== ENTRIES SHOWN ==

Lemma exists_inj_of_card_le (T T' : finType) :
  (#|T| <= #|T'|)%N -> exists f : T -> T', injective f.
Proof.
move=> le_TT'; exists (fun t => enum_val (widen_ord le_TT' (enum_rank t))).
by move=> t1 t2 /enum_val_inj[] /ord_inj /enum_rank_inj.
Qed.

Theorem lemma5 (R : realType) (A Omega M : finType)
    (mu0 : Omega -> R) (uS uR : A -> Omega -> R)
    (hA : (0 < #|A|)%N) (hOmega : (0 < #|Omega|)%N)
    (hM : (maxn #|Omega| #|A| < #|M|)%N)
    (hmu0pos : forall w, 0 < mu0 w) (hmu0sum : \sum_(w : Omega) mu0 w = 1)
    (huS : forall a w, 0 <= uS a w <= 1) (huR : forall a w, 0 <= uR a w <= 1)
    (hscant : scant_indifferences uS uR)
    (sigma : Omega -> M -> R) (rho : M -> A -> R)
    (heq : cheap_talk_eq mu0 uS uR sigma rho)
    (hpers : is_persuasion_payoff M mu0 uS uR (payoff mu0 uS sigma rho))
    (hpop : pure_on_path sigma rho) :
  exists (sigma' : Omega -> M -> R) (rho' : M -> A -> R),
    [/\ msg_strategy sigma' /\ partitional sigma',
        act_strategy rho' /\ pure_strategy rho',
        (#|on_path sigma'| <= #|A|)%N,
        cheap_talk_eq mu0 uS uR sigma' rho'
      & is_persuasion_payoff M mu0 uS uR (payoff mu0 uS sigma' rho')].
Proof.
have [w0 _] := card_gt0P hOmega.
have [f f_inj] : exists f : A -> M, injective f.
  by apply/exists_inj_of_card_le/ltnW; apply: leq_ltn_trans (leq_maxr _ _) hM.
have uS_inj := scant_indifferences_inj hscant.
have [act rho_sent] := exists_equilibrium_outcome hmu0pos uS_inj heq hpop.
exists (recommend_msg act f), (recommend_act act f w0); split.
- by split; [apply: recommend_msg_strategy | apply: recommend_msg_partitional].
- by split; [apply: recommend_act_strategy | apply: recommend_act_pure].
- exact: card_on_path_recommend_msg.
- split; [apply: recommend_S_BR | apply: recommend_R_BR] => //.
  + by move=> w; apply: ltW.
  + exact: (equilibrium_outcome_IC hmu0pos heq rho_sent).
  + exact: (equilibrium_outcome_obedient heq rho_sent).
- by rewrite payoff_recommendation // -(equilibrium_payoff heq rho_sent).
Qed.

===

* ACTIVITY: Read through the lines above and collect those that contain the string "split".

* ANSWER TO THIS PROBLEM:
exists (recommend_msg act f), (recommend_act act f w0); split.
- by split; [apply: recommend_msg_strategy | apply: recommend_msg_partitional].
- by split; [apply: recommend_act_strategy | apply: recommend_act_pure].
- split; [apply: recommend_S_BR | apply: recommend_R_BR] => //.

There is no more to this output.